*What this task involves*
Would you please transcribe exactly the lines from the one containing "elim: m => [|m" through the end of the material below, and only those?

*Materials provided*
────────────────────────────────────────

(* (a) There is no odd perfect number of the form $n = 5^{\alpha} 3^{2b} q_1^{6k_1+2}\cdots q_t^{6k_t+2}$, where $\alpha \ge 1$, $b \ge 0$ and $k_1,\ldots,k_t \ge 0$ are integers, $5 < q_1 < \cdots < q_t$ are primes, and at least one of $q_1,\ldots,q_t$ is good. (b) There is no perfect number of the form $n = 5^{\alpha} 3^{2b} q_1^{6k_1+2}\cdots q_t^{6k_t+2}$, where $\alpha \ge 1$, $b\ge 0$ and $k_1,\ldots,k_t\ge 0$ are integers, $5 < q_1 < \cdots < q_t$ are primes, and at least one of $q_1,\ldots,q_t$ does not exceed $157$. (c) If every prime $p > 7$ is good, then there is no odd perfect number of the form $n = 5^{\alpha} 3^{2b} q_1^{6k_1+2}\cdots q_t^{6k_t+2}$, where $\alpha \ge 1$, $b\ge 0$ and $k_1,\ldots,k_t\ge 0$ are integers and $q_1,\ldots,q_t$ are primes exceeding $5$.
   Context: A positive integer $n$ is perfect if $\sigma(n)=2n$, where $\sigma$ is the sum-of-divisors function. Let $\Phi_3(x) = x^2+x+1$ be the third cyclotomic polynomial. Let $\Sigma$ be the set of primes $p$ with $p \equiv 2$ or $p \equiv 4 \pmod 7$. For a prime $x > 7$, let $T(x)$ be the set of primes $q \neq 3$ with $q \mid \Phi_3(x)$. For a prime $p > 7$, define sets $S_n(p)$ recursively by $S_0(p) = \{p\}$ and $S_{n+1}(p) = S_n(p) \cup \bigcup_{x \in S_n(p)} T(x)$. A prime $p > 7$ is called good if $S_n(p) \cap \Sigma \neq \emptyset$ for some integer $n \ge 0$. *)

From mathcomp Require Import all_boot.
Set Implicit Arguments. Unset Strict Implicit. Unset Printing Implicit Defensive.

Definition sigma (n : nat) : nat := \sum_(d <- divisors n) d.

Definition perfect (n : nat) : Prop := 0 < n /\ sigma n = 2 * n.

Definition Phi3 (x : nat) : nat := x ^ 2 + x + 1.

Definition inSigma (p : nat) : Prop := prime p /\ (p %% 7 = 2 \/ p %% 7 = 4).

Definition inT (x q : nat) : Prop :=
  prime x /\ 7 < x /\ prime q /\ q <> 3 /\ q %| Phi3 x.

Fixpoint inS (n p x : nat) : Prop :=
  match n with
  | 0 => x = p
  | n'.+1 => inS n' p x \/ exists y, inS n' p y /\ inT y x
  end.

Definition good (p : nat) : Prop :=
  exists n x, inS n p x /\ inSigma x.

Definition special_form (n a b t : nat) (q k : nat -> nat) : Prop :=
  1 <= a /\
  (forall i, i < t -> prime (q i) /\ 5 < q i) /\
  (forall i j, i < j -> j < t -> q i < q j) /\
  n = 5 ^ a * 3 ^ (2 * b) * \prod_(i < t) q i ^ (6 * k i + 2).

From Stdlib Require Import NArith Arith Lia.
From mathcomp Require Import all_boot zify cyclic.

Set Implicit Arguments. Unset Strict Implicit. Unset Printing Implicit Defensive.

(* Let n = 5^a 3^(2b) q_1^(6k_1+2) ... q_t^(6k_t+2) be perfect.  As 6k+2 = 2 (mod 3),
   Phi3(q_i) = 1 + q_i + q_i^2 divides sigma(q_i^(6k_i+2)), hence also sigma(n) = 2n,
   and, being odd, it divides n.  Thus Phi3(r) | n for every prime divisor r <> 3, 5 of n;
   iterating, every element of S_m(q_i) divides n, and if q_i is good some prime
   x = 2, 4 (mod 7) divides n, whence 7 | Phi3(x) | n.  But 7 | n forces 7 = q_j, so that
   7^2 | n and 3 | Phi3(7) | n, i.e. 5 * 3^2 * 7^2 | n; this divisor is abundant, which
   is impossible for a divisor of a perfect number.  For (b), explicit chains through the
   sets T certify that every prime 7 < p <= 157 is good (the 13-digit prime occurring in
   them is certified by Pocklington's criterion); for (c), t = 0 is excluded because
   sigma(5^a 3^c) / (5^a 3^c) < 5/4 * 3/2 < 2. *)

(** * Sums of divisors *)

Lemma gcdn_coprimeM d m n :
  coprime m n -> d %| m * n -> gcdn d m * gcdn d n = d.
Proof.
move=> cmn dmn; apply/eqP; rewrite eqn_dvd; apply/andP; split.
  rewrite Gauss_dvd ?dvdn_gcdl //.
  exact: coprime_dvdl (dvdn_gcdr _ _) (coprime_dvdr (dvdn_gcdr _ _) cmn).
have d_m : d %| gcdn d m * n by rewrite muln_gcdl dvdn_gcd dvdn_mulr.
by rewrite muln_gcdr dvdn_gcd dvdn_mull.
Qed.

Lemma divisors_coprimeM m n : 0 < m -> 0 < n -> coprime m n ->
  perm_eq (divisors (m * n)) [seq i * j | i <- divisors m, j <- divisors n].
Proof.
move=> m_gt0 n_gt0 cmn; have mn_gt0 : 0 < m * n by rewrite muln_gt0 m_gt0.
have gcdM i j : i %| m -> j %| n -> gcdn m (i * j) = i /\ gcdn n (i * j) = j.
  move=> im jn; rewrite Gauss_gcdl ?Gauss_gcdr; first by split; apply/gcdn_idPr.
    by apply: coprime_dvdr im _; rewrite coprime_sym.
  exact: coprime_dvdr jn cmn.
apply: uniq_perm; rewrite ?divisors_uniq //.
  rewrite allpairs_uniq ?divisors_uniq // => -[? ?] [? ?].
  move=> /allpairsP[[i j] [/= + + [-> ->]]] /allpairsP[[i' j'] [/= + + [-> ->]]] /=.
  rewrite -!dvdn_divisors // => im jn i'm j'n ij.
  have [gi gj] := gcdM i j im jn; have [gi' gj'] := gcdM i' j' i'm j'n.
  by congr pair; [rewrite -gi -gi' ij | rewrite -gj -gj' ij].
move=> d; rewrite -dvdn_divisors //; apply/idP/allpairsP => [dmn|[[i j] /=]].
  exists (gcdn d m, gcdn d n); rewrite -!dvdn_divisors // !dvdn_gcdr.
  by rewrite gcdn_coprimeM.
by rewrite -!dvdn_divisors // => -[im jn ->]; apply: dvdn_mul.
Qed.

Lemma sigma_coprimeM m n : 0 < m -> 0 < n -> coprime m n ->
  sigma (m * n) = sigma m * sigma n.
Proof.
move=> m_gt0 n_gt0 cmn; rewrite /sigma (perm_big _ (divisors_coprimeM m_gt0 n_gt0 cmn)).
by rewrite big_allpairs_dep big_distrl; apply: eq_bigr => i _; rewrite big_distrr.
Qed.

Lemma sigma_prime_pow p e : prime p -> sigma (p ^ e) = \sum_(i < e.+1) p ^ i.
Proof.
move=> p_pr; rewrite /sigma -(big_mkord xpredT) -(big_map (expn p) xpredT id).
apply/perm_big/uniq_perm; rewrite ?divisors_uniq ?map_inj_uniq ?iota_uniq //.
  exact/expnI/prime_gt1.
move=> d; rewrite -dvdn_divisors ?expn_gt0 ?prime_gt0 //.
apply/(dvdn_pfactor _ _ p_pr)/mapP => -[i]; rewrite ?mem_index_iota => ie ->.
  by exists i; rewrite ?mem_index_iota.
by exists i.
Qed.

Lemma dvdn_sigma_leq m n : 0 < n -> m %| n -> n * sigma m <= m * sigma n.
Proof.
move=> n_gt0 /dvdnP[c def_n].
have [c_gt0 m_gt0] : 0 < c /\ 0 < m by apply/andP; rewrite -muln_gt0 -def_n.
have -> : n * sigma m = m * \sum_(d <- [seq c * d | d <- divisors m]) d.
  by rewrite big_map -big_distrr def_n mulnAC mulnC.
rewrite leq_mul2l; apply/orP; right.
apply: (uniq_sub_le_big leqnn (fun x y => leq_addr y x)); rewrite ?divisors_uniq //.
  by rewrite map_inj_uniq ?divisors_uniq // => i j /eqP; rewrite eqn_pmul2l // => /eqP.
move=> e /mapP[d]; rewrite -!dvdn_divisors // def_n => dm ->.
by rewrite dvdn_pmul2l.
Qed.

Lemma perfect_dvdn_sigma_leq m n : perfect n -> m %| n -> sigma m <= 2 * m.
Proof.
move=> [n_gt0 sigma_n] /(dvdn_sigma_leq n_gt0).
by rewrite sigma_n mulnCA mulnA [_ * n]mulnC leq_pmul2l.
Qed.

Lemma sigma_prime_pow_lt p e : prime p -> p.-1 * sigma (p ^ e) < p ^ e.+1.
Proof.
by move=> p_pr; rewrite sigma_prime_pow // -predn_exp ltn_predL expn_gt0 prime_gt0.
Qed.

Lemma not_perfect_5_3 a c : ~ perfect (5 ^ a * 3 ^ c).
Proof.
move=> [_]; rewrite sigma_coprimeM ?expn_gt0 ?coprimeXl ?coprimeXr // => sigma_n.
have := ltn_mul (sigma_prime_pow_lt a (isT : prime 5))
                (sigma_prime_pow_lt c (isT : prime 3)).
by rewrite !expnS; nia.
Qed.

(** * Phi3 and the sets S_m(p) *)

Lemma sum_expn_mul x k m :
  \sum_(i < k * m) x ^ i = (\sum_(i < k) x ^ i) * \sum_(j < m) x ^ (k * j).
Proof.
elim: m => [|m IH]; first by rewrite muln0 !big_ord0 muln0.
rewrite mulnS addnC big_split_ord IH big_ord_recr /= mulnDr; congr (_ + _).
by rewrite mulnC big_distrl; apply: eq_bigr => i _; rewrite expnD mulnC.
Qed.

Lemma Phi3_dvd_sigma p k : prime p -> Phi3 p %| sigma (p ^ (6 * k + 2)).
Proof.
have -> : Phi3 p = \sum_(i < 3) p ^ i by rewrite /Phi3 !big_ord_recr big_ord0 /=; lia.
move=> p_pr; rewrite sigma_prime_pow // (_ : (6 * k + 2).+1 = 3 * (2 * k + 1)).
  by rewrite sum_expn_mul dvdn_mulr.
by lia.
Qed.

Lemma odd_Phi3 x : odd (Phi3 x).
Proof. by rewrite /Phi3 !oddD oddX /=; case: odd. Qed.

────────────────────────────────────────

*Answer box*
elim: m => [|m IH]; first by rewrite muln0 !big_ord0 muln0.
rewrite mulnS addnC big_split_ord IH big_ord_recr /= mulnDr; congr (_ + _).
by rewrite mulnC big_distrl; apply: eq_bigr => i _; rewrite expnD mulnC.
Qed.

Lemma Phi3_dvd_sigma p k : prime p -> Phi3 p %| sigma (p ^ (6 * k + 2)).
Proof.
have -> : Phi3 p = \sum_(i < 3) p ^ i by rewrite /Phi3 !big_ord_recr big_ord0 /=; lia.
move=> p_pr; rewrite sigma_prime_pow // (_ : (6 * k + 2).+1 = 3 * (2 * k + 1)).
  by rewrite sum_expn_mul dvdn_mulr.
by lia.
Qed.

Lemma odd_Phi3 x : odd (Phi3 x).
Proof. by rewrite /Phi3 !oddD oddX /=; case: odd. Qed.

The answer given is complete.